Я как вариант решила в бухгалтерии поставить так же как в далионе в конфигурации например код номенклатуры 6 знаков, число.

После этого по идее должно при выгрузке вставать правильно, но оно при выгрузке все равно дублируется с идентичными кодами. Не подскажете почему так? Вроде бы все одинаково, может еще что-то где-то надо изменить?

----------


## CyberNut

> Я как вариант решила в бухгалтерии поставить так же как в далионе в конфигурации например код номенклатуры 6 знаков, число.
> 
> После этого по идее должно при выгрузке вставать правильно, но оно при выгрузке все равно дублируется с идентичными кодами. Не подскажете почему так?

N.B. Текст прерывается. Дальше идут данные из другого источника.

(* Let $G$ be a sub-$2$-permutable graph and let $H$ be a $2$-adjustable graph. Then $\chi_i(G\,\square\,H)\le \Delta(G\,\square\,H)+2$.
   Context: All graphs are finite and simple. $K^-_{2n}$ is the complete graph on $2n$ vertices with a perfect matching removed. A homomorphism $f:G\to H$ is a map $V(G)\to V(H)$ with $f(u)f(v)\in E(H)$ whenever $uv\in E(G)$; it is locally injective if for every vertex $v$, $f$ is injective on $N(v)$. A graph $G$ is sub-$2$-permutable if it admits a locally injective homomorphism to $K^-_{\Delta(G)+2}$. An incidence of $G$ is a pair $(v,e)$ with $v\in e\in E(G)$; incidences $(v,e),(u,f)$ are adjacent if $v=u$, or $e=f$, or $vu\in\{e,f\}$; an incidence coloring gives adjacent incidences distinct colors; $\chi_i(G)$ is the least number of colors of an incidence coloring. $S^0_c(v)=\{c(v,uv):uv\in E(G)\}$. An incidence coloring $c$ with palette $P$ is adjustable if there are two distinct colors $x,y\in P$ such that no vertex $v$ has $\{x,y\}\subseteq S^0_c(v)$; $H$ is $2$-adjustable if it admits an adjustable incidence coloring with a palette of size $\Delta(H)+2$. $\Delta$ denotes maximum degree. $G\,\square\,H$ is the Cartesian product: vertex set $V(G)\times V(H)$, $(u,v)\sim(u',v')$ iff ($uu'\in E(G)$, $v=v'$) or ($u=u'$, $vv'\in E(H)$). *)

From mathcomp Require Import all_boot.
Set Implicit Arguments. Unset Strict Implicit. Unset Printing Implicit Defensive.

(* A finite simple graph: vertex type T : finType, adjacency e : rel T that is
   symmetric and irreflexive (hypotheses stated in the theorem). *)

Definition deg (T : finType) (e : rel T) (v : T) : nat := #|[set u | e v u]|.
Definition maxdeg (T : finType) (e : rel T) : nat := \max_(v : T) deg e v.

Definition boxprod (T U : finType) (eG : rel T) (eH : rel U) : rel (T * U) :=
  fun p q => (eG p.1 q.1 && (p.2 == q.2)) || ((p.1 == q.1) && eH p.2 q.2).

(* K^-_{2n}: vertices 'I_(2n), matching {2k, 2k+1} removed *)
Definition Kminus_adj (n : nat) : rel 'I_(2 * n) :=
  fun i j => (i != j) && (i./2 != j./2).

Definition hom (T : finType) (e : rel T) (m : nat) (eK : rel 'I_m) (f : T -> 'I_m) :=
  forall u v, e u v -> eK (f u) (f v).

Definition locally_injective (T : finType) (e : rel T) (m : nat) (f : T -> 'I_m) :=
  forall v u w, e v u -> e v w -> f u = f w -> u = w.

(* sub-2-permutable: locally injective homomorphism to K^-_{Delta+2};
   K^-_{Delta+2} exists only when Delta+2 = 2n is even. *)
Definition sub2permutable (T : finType) (e : rel T) : Prop :=
  exists n : nat, 2 * n = maxdeg e + 2 /\
    exists f : T -> 'I_(2 * n), hom e (@Kminus_adj n) f /\ locally_injective e f.

(* Incidences: the pair (v,u) with e v u stands for the incidence (v, vu). *)
Definition same_edge (T : eqType) (a b c d : T) : bool :=
  ((a == c) && (b == d)) || ((a == d) && (b == c)).

Definition inc_adj (T : eqType) (v u w x : T) : bool :=
  [|| v == w, same_edge v u w x, same_edge v w v u | same_edge v w w x].

Definition inc_coloring (T : finType) (e : rel T) (k : nat)
    (c : {ffun T * T -> 'I_k}) : bool :=
  [forall v : T, forall u : T, forall w : T, forall x : T,
     [&& e v u, e w x, (v, u) != (w, x) & inc_adj v u w x] ==>
       (c (v, u) != c (w, x))].

Definition inc_colorable (T : finType) (e : rel T) (k : nat) : bool :=
  [exists c : {ffun T * T -> 'I_k}, inc_coloring e c].

Lemma inc_colorable_exists (T : finType) (e : rel T) :
  exists k, inc_colorable e k.
Proof.
exists #|{: T * T}|; apply/existsP.
exists [ffun p => enum_rank p].
apply/forallP => v; apply/forallP => u; apply/forallP => w; apply/forallP => x.
apply/implyP => /and4P [_ _ Hne _]; rewrite !ffunE.
apply: contra Hne => /eqP H; apply/eqP; exact: enum_rank_inj H.
Qed.

Definition inc_chrom (T : finType) (e : rel T) : nat :=
  ex_minn (inc_colorable_exists e).

Definition S0 (T : finType) (e : rel T) (k : nat) (c : {ffun T * T -> 'I_k}) (v : T)
  : {set 'I_k} := [set c (v, u) | u in [set u | e v u]].

Definition adjustable (T : finType) (e : rel T) (k : nat) (c : {ffun T * T -> 'I_k}) :=
  exists x y : 'I_k, x != y /\ forall v : T, ~~ ((x \in S0 e c v) && (y \in S0 e c v)).

Definition two_adjustable (T : finType) (e : rel T) : Prop :=
  exists c : {ffun T * T -> 'I_(maxdeg e + 2)}, inc_coloring e c /\ adjustable e c.

From mathcomp Require Import all_boot zify.
Set Implicit Arguments. Unset Strict Implicit. Unset Printing Implicit Defensive.

(* Let f : G -> K^-_{2n} be locally injective, 2n = Delta(G) + 2, and let c be an
   adjustable incidence colouring of H with Delta(H) + 2 colours, no vertex seeing
   both x and y.  In G [] H, the incidence ((g,h),(g',h)) of a G-edge gets the colour
   f g', replaced by its partner in the removed matching when y occurs at h; the
   incidence ((g,h),(g,h')) of an H-edge gets c(h,h'), where x and y are recoloured
   partner (f g) and f g, and the Delta(H) other colours of c are moved above 2n.
   Local injectivity of f and properness of c separate incidences of the same kind;
   a G-incidence and an H-incidence whose G-coordinates are adjacent get colours
   in distinct matching pairs because f is a homomorphism; the remaining conflict,
   ((g,h),(g',h)) followed by ((g',h),(g',h')), is resolved by adjustability.  This
   uses 2n + Delta(H) = Delta(G) + Delta(H) + 2 <= Delta(G [] H) + 2 colours. *)

(* The vertex matched with [i] in the perfect matching removed from K^-_{2n}. *)
Definition partner (i : nat) : nat := (~~ odd i) + i./2.*2.

Lemma half_partner i : (partner i)./2 = i./2.
Proof. by rewrite /partner half_bit_double. Qed.

Lemma odd_partner i : odd (partner i) = ~~ odd i.
Proof. by rewrite /partner oddD odd_double addbF; case: (odd i). Qed.

Lemma partnerK : involutive partner.
Proof.
by move=> i; rewrite {1}/partner odd_partner half_partner negbK odd_double_half.
Qed.

Lemma partner_inj : injective partner.
Proof. exact: inv_inj partnerK. Qed.

Lemma partner_neq i : partner i != i.
Proof. by apply/eqP => E; move: (odd_partner i); rewrite E; case: odd. Qed.

Lemma partner_lt n i : i < 2 * n -> partner i < 2 * n.
Proof. by rewrite mul2n -!ltn_half_double half_partner. Qed.

(* Relabels the palette 'I_m: [x] and [y] become the matched pair [partner a], [a],
   and the m - 2 other colours are sent injectively to [N, N + m - 2). *)
Definition merge_color m (x y : 'I_m) (N a : nat) (z : 'I_m) : nat :=
  if z == x then partner a else if z == y then a else N + (z - (x < z) - (y < z)).

Lemma merge_color_inj m (x y : 'I_m) n a : x != y -> a < 2 * n ->
  injective (merge_color x y (2 * n) a).
Proof.
move=> neq_xy lt_a z1 z2; have Hp := partner_lt lt_a; have Hpa := partner_neq a.
rewrite /merge_color; case E1: (z1 == x); case E2: (z2 == x); case E3: (z1 == y);
  case E4: (z2 == y); move: E1 E2 E3 E4 Hpa; rewrite -!val_eqE /=;
  case: (ltnP x z1); case: (ltnP x z2); case: (ltnP y z1); case: (ltnP y z2) => /=;
  move: neq_xy; rewrite -val_eqE /= => *; apply/val_inj => /=; lia.
Qed.

Lemma merge_color_lt m (x y : 'I_(m + 2)) n a z : x != y -> a < 2 * n ->
  merge_color x y (2 * n) a z < 2 * n + m.
Proof.
move=> neq_xy lt_a; have Hp := partner_lt lt_a; rewrite /merge_color.
have := ltn_ord z; have := ltn_ord x; have := ltn_ord y.
case E1: (z == x); case E2: (z == y); move: E1 E2; rewrite -!val_eqE /=;
  case: (ltnP x z); case: (ltnP y z) => /=; move: neq_xy; rewrite -val_eqE /= => *; lia.
Qed.

Lemma half_merge_color m (x y : 'I_m) n a z : a < 2 * n ->
  merge_color x y (2 * n) a z < 2 * n -> (merge_color x y (2 * n) a z)./2 = a./2.
Proof.
rewrite /merge_color; case: eqP => _; first by rewrite half_partner.
by case: eqP => _ //; lia.
Qed.

Lemma inc_coloringP (T : finType) (e : rel T) k (c : {ffun T * T -> 'I_k}) :
  reflect (forall v u w x, e v u -> e w x -> (v, u) != (w, x) -> inc_adj v u w x ->
             c (v, u) != c (w, x))
          (inc_coloring e c).
Proof.
apply: (iffP forallP) => [col v u w x evu ewx ne adj | col v].
  by move/forallP: (col v) => /(_ u) /forallP /(_ w) /forallP /(_ x) /implyP; apply;
    rewrite evu ewx ne adj.
apply/forallP=> u; apply/forallP=> w; apply/forallP=> x; apply/implyP.
by case/and4P; apply: col.
Qed.

Lemma inc_colorable_of_nat (T : finType) (e : rel T) (k : nat) (col : T -> T -> nat) :
  0 < k -> (forall v u, e v u -> col v u < k) ->
  (forall v u w x, e v u -> e w x -> (v, u) != (w, x) -> inc_adj v u w x ->
     col v u != col w x) ->
  inc_colorable e k.
Proof.
case: k => // k _ col_lt col_proper; apply/existsP.
exists [ffun p => inord (col p.1 p.2)]; apply/inc_coloringP => v u w x evu ewx ne adj.
rewrite !ffunE; apply: contra (col_proper _ _ _ _ evu ewx ne adj) => /eqP/(congr1 val).
by rewrite /= !inordK ?col_lt // => ->.
Qed.

Lemma inc_chrom_le (T : finType) (e : rel T) k : inc_colorable e k -> inc_chrom e <= k.
Proof. by rewrite /inc_chrom; case: ex_minnP => m _; apply. Qed.

Section BoxProduct.
Variables (T U : finType) (eG : rel T) (eH : rel U).
Hypotheses (irrG : irreflexive eG) (irrH : irreflexive eH).

Lemma boxprod_irr : irreflexive (boxprod eG eH).
Proof. by case=> g h; rewrite /boxprod /= irrG irrH andbF. Qed.

Lemma boxprodP p q : boxprod eG eH p q ->
  (eG p.1 q.1 /\ p.2 = q.2) \/ (p.1 = q.1 /\ eH p.2 q.2 /\ p.2 != q.2).
Proof.
case/orP => /andP [] => [eGpq /eqP | /eqP eq1 eHpq]; first by left.
by right; do !split=> //; apply: contraTneq eHpq => ->; rewrite irrH.
Qed.

Lemma deg_boxprod g h : deg (boxprod eG eH) (g, h) = deg eG g + deg eH h.
Proof.
pose NG := [set (g', h) | g' in [set g' | eG g g']].
pose NH := [set (g, h') | h' in [set h' | eH h h']].
rewrite /deg; have -> : [set q | boxprod eG eH (g, h) q] = NG :|: NH.
  apply/setP => -[g' h']; rewrite !inE /boxprod /=.
  apply/orP/orP => [[/andP [e /eqP <-] | /andP [/eqP <- e]] | [] /imsetP [z]].
  - by left; rewrite imset_f ?inE.
  - by right; rewrite imset_f ?inE.
  - by rewrite inE => e [-> ->]; left; rewrite e eqxx.
  - by rewrite inE => e [-> ->]; right; rewrite e eqxx.
have disj : [disjoint NG & NH].
  apply/pred0P => q /=; apply/negP => /andP [/imsetP [g' eg' ->] /imsetP [h' _ [E _]]].
  by move: eg'; rewrite inE E irrG.
rewrite cardsU (disjoint_setI0 disj) cards0 subn0.
by rewrite !card_imset // => a b [].
Qed.

Lemma maxdeg_boxprod (p : T * U) : maxdeg eG + maxdeg eH <= maxdeg (boxprod eG eH).
Proof.
have [g ->] : {g | maxdeg eG = deg eG g} by apply/eq_bigmax/card_gt0P; exists p.1.
have [h ->] : {h | maxdeg eH = deg eH h} by apply/eq_bigmax/card_gt0P; exists p.2.
by rewrite -deg_boxprod; apply: leq_bigmax.
Qed.

End BoxProduct.

Section ProductColoring.
Variables (T U : finType) (eG : rel T) (eH : rel U).
Hypotheses (irrG : irreflexive eG) (irrH : irreflexive eH).
Variables (n : nat) (f : T -> 'I_(2 * n)).
Hypotheses (f_hom : hom eG (@Kminus_adj n) f) (f_li : locally_injective eG f).
Variables (m : nat) (c : {ffun U * U -> 'I_(m + 2)}) (x y : 'I_(m + 2)).
Hypotheses (c_col : inc_coloring eH c) (neq_xy : x != y).
Hypothesis xy_apart : forall h, ~~ ((x \in S0 eH c h) && (y \in S0 eH c h)).

Definition fiber_color (h : U) (g : T) : nat :=
  if y \in S0 eH c h then partner (f g) else f g.

Definition prod_color (p q : T * U) : nat :=
  if p.2 == q.2 then fiber_color p.2 q.1
  else merge_color x y (2 * n) (f p.1) (c (p.2, q.2)).

Local Notation merge g := (merge_color x y (2 * n) (f g)).

Lemma fiber_color_lt h g : fiber_color h g < 2 * n.
Proof. by rewrite /fiber_color; case: ifP => _; rewrite ?partner_lt. Qed.

Lemma half_fiber_color h g : (fiber_color h g)./2 = (f g)./2.
Proof. by rewrite /fiber_color; case: ifP => _; rewrite ?half_partner. Qed.

Lemma fiber_color_inj h g g' : fiber_color h g = fiber_color h g' -> f g = f g'.
Proof. by rewrite /fiber_color; case: ifP => _ => [/partner_inj|] /val_inj. Qed.

Lemma fiber_color_neq_merge h g g' z : eG g g' -> fiber_color h g' != merge g z.
Proof.
move=> /f_hom /andP [_ half_neq]; apply: contra half_neq => /eqP E.
by rewrite -(half_fiber_color h g') E half_merge_color // -E fiber_color_lt.
Qed.

Lemma fiber_color_neq_merge_target h h' g : eH h h' ->
  fiber_color h g != merge g (c (h, h')).
Proof.
move=> eHhh'; have c_in : c (h, h') \in S0 eH c h by apply/imsetP; exists h'; rewrite ?inE.
rewrite /fiber_color /merge_color.
(* if c(h,h') = x then y does not occur at h, so the two colours are f g and its partner *)
have [cx | neq_cx] := eqVneq (c (h, h')) x.
  have /negbTE -> : y \notin S0 eH c h by move: (xy_apart h); rewrite -cx c_in.
  by rewrite eq_sym partner_neq.
have [cy | neq_cy] := eqVneq (c (h, h')) y.
  by rewrite -cy c_in partner_neq.
by rewrite neq_ltn ltn_addr // fiber_color_lt.
Qed.

Local Notation box := (boxprod eG eH).

Lemma c_proper h1 h2 h3 h4 : eH h1 h2 -> eH h3 h4 -> (h1, h2) != (h3, h4) ->
  inc_adj h1 h2 h3 h4 -> c (h1, h2) != c (h3, h4).
Proof. exact/inc_coloringP. Qed.

Lemma prod_color_lt p q : box p q -> prod_color p q < 2 * n + m.
Proof.
rewrite /prod_color; case: ifP => _ _; last exact: merge_color_lt.
by rewrite ltn_addr ?fiber_color_lt.
Qed.

Lemma prod_color_same_source p q r : box p q -> box p r -> q != r ->
  prod_color p q != prod_color p r.
Proof.
case: p q r => [g h] [g2 h2] [g3 h3] /(boxprodP irrH) [[/= e2 <-] | [/= <- [e2 n2]]]
  /(boxprodP irrH) [[/= e3 <-] | [/= <- [e3 n3]]] ne;
  rewrite /prod_color /= ?eqxx ?(negbTE n2) ?(negbTE n3).
- by apply: contra ne => /eqP/fiber_color_inj/(f_li e2 e3) ->.
- exact: fiber_color_neq_merge.
- by rewrite eq_sym fiber_color_neq_merge.
rewrite (inj_eq (merge_color_inj neq_xy (ltn_ord _))) c_proper ?/inc_adj ?eqxx //.
by apply: contra ne => /eqP [->].
Qed.

Lemma prod_color_consecutive p q r : box p q -> box q r -> prod_color p q != prod_color q r.
Proof.
case: p q r => [g h] [g2 h2] [g3 h3] /(boxprodP irrH) [[/= e2 <-] | [/= <- [e2 n2]]]
  /(boxprodP irrH) [[/= e3 <-] | [/= <- [e3 n3]]];
  rewrite /prod_color /= ?eqxx ?(negbTE n2) ?(negbTE n3).
- by move/f_hom/andP: e3 => [+ _]; apply: contra => /eqP/fiber_color_inj ->.
- exact: fiber_color_neq_merge_target.
- by rewrite eq_sym fiber_color_neq_merge.
rewrite (inj_eq (merge_color_inj neq_xy (ltn_ord _))) c_proper //.
  by apply: contra n2 => /eqP [->].
by rewrite /inc_adj /same_edge !eqxx !orbT.
Qed.

Lemma prod_color_proper v u w z : box v u -> box w z -> (v, u) != (w, z) ->
  inc_adj v u w z -> prod_color v u != prod_color w z.
Proof.
move=> + + + adj; case/or4P: adj => [/eqP<- | /orP[] | /orP[] | /orP[]].
- by move=> evu evz ne; apply: prod_color_same_source => //; apply: contra ne => /eqP->.
- by case/andP => /eqP-> /eqP->; rewrite eqxx.
- by case/andP => /eqP-> /eqP-> ezw ewz _; apply: prod_color_consecutive.
- by rewrite eqxx => /eqP-> evu euz _; apply: prod_color_consecutive.
- by case/andP => /eqP<- _; rewrite boxprod_irr.
- by case/andP => /eqP-> /eqP-> _; rewrite boxprod_irr.
- rewrite eqxx andbT => /eqP-> ezu ewz _.
  by rewrite eq_sym; apply: prod_color_consecutive.
Qed.
End ProductColoring.

Theorem mainTheorem12 (T U : finType) (eG : rel T) (eH : rel U)
  (symG : symmetric eG) (irrG : irreflexive eG)
  (symH : symmetric eH) (irrH : irreflexive eH) :
  sub2permutable eG -> two_adjustable eH ->
  inc_chrom (boxprod eG eH) <= maxdeg (boxprod eG eH) + 2.
Proof.
move=> [n [dG [f [f_hom f_li]]]] [c [c_col [x [y [neq_xy xy_apart]]]]].
apply: inc_chrom_le; apply: (inc_colorable_of_nat (col := prod_color eH f c x y)).
- by rewrite addn2.
- move=> p q /(prod_color_lt f c neq_xy) lt_pq; apply: leq_trans lt_pq _.
  by have := maxdeg_boxprod eH irrG p; lia.
- exact: prod_color_proper.
Qed.
Lemma modkE x : (modk x)%:Z = (x %% k)%Z.
Proof. by rewrite /= gez0_abs // modz_ge0 // eqz_nat -lt0n. Qed.

Lemma modkDk x : modk (x + k%:Z) = modk x.
Proof. by apply: val_inj; rewrite /= modzDr. Qed.

Lemma modk_ord (i : 'I_k) : modk i%:Z = i.
Proof. by apply: val_inj; rewrite /= modz_small // ltz_nat ltn_ord. Qed.

Lemma modk_pred (i : 'I_k) : modk (i%:Z - 1) = ord_pred i.
Proof.
apply: val_inj => /=.
have -> : i%:Z - 1 = ((i + k).-1)%N%:Z - k%:Z by have := ltn_ord i; lia.
by rewrite -modzDr subrK modz_nat.
Qed.

Lemma shift_invariant_modk (Q : int -> Prop) :
  (forall z, Q (z + k%:Z) <-> Q z) -> forall z, Q z <-> Q (modk z)%:Z.
Proof.
move=> QDk z; rewrite modkE.
have QDmk (m : nat) r : Q (r + m%:Z * k%:Z) <-> Q r.
  elim: m r => [|m IH] r; first by rewrite mul0r addr0.
  have -> : r + m.+1%:Z * k%:Z = (r + m%:Z * k%:Z) + k%:Z by lia.
  by rewrite QDk.
rewrite {1}(divz_eq z k) addrC; case: (z %/ k)%Z => m; first exact: QDmk.
set r := (z %% k)%Z.
have -> : r + Negz m * k%:Z = r - m.+1%:Z * k%:Z by rewrite NegzE; lia.
by rewrite -(QDmk m.+1 (r - _)) subrK.
Qed.

End Residues.

Definition nonincreasing (L : int -> int) := forall x, L (x + 1) <= L x.

Lemma nonincreasing_le L : nonincreasing L -> forall x x', x <= x' -> L x' <= L x.
Proof.
move=> Ldecr x x' le_xx'.
have LDn (m : nat) : L (x + m%:Z) <= L x.
  elim: m => [|m IH]; first by rewrite addr0.
  have := Ldecr (x + m%:Z); rewrite -addrA -PoszD addn1 => /le_trans; exact.
have -> : x' = x + (absz (x' - x))%:Z by lia.
exact: LDn.
Qed.

Section Turns.
Variables (n k : nat) (k_gt0 : (0 < k)%N).

Definition quasi_periodic (L : int -> int) :=
  forall x, L x = L (x + k%:Z) + (n%:Z - k%:Z).

Definition is_increment (a : turn k) (L L' : int -> int) :=
  forall i : 'I_k, (a i)%:Z = L' i%:Z - L i%:Z.

Lemma quasi_periodicN L : quasi_periodic L ->
  forall x, L (x - k%:Z) = L x + (n%:Z - k%:Z).
Proof. by move=> Lper x; rewrite (Lper (x - k%:Z)) subrK. Qed.

Lemma eq_Arr L L' : (forall x, L x = L' x) -> Arr k L = Arr k L'.
Proof. by move=> eqL; apply/ffunP => i; rewrite !ffunE !eqL. Qed.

Вроде бы все одинаково, может еще что-то где-то надо изменить?


Возможно в правилах обмена используется синхронизация по внутреннему идентификатору, либо поля поиска так настроены.

----------


## bismillyah

> Возможно в правилах обмена используется синхронизация по внутреннему идентификатору, либо поля поиска так настроены.


Не много вас не поняла.. А это можно как-то исправить?

----------


## bismillyah

Я посмотрела файл правил выгрузки и где изменить чтобы синхронизация по коду была не нашла.

----------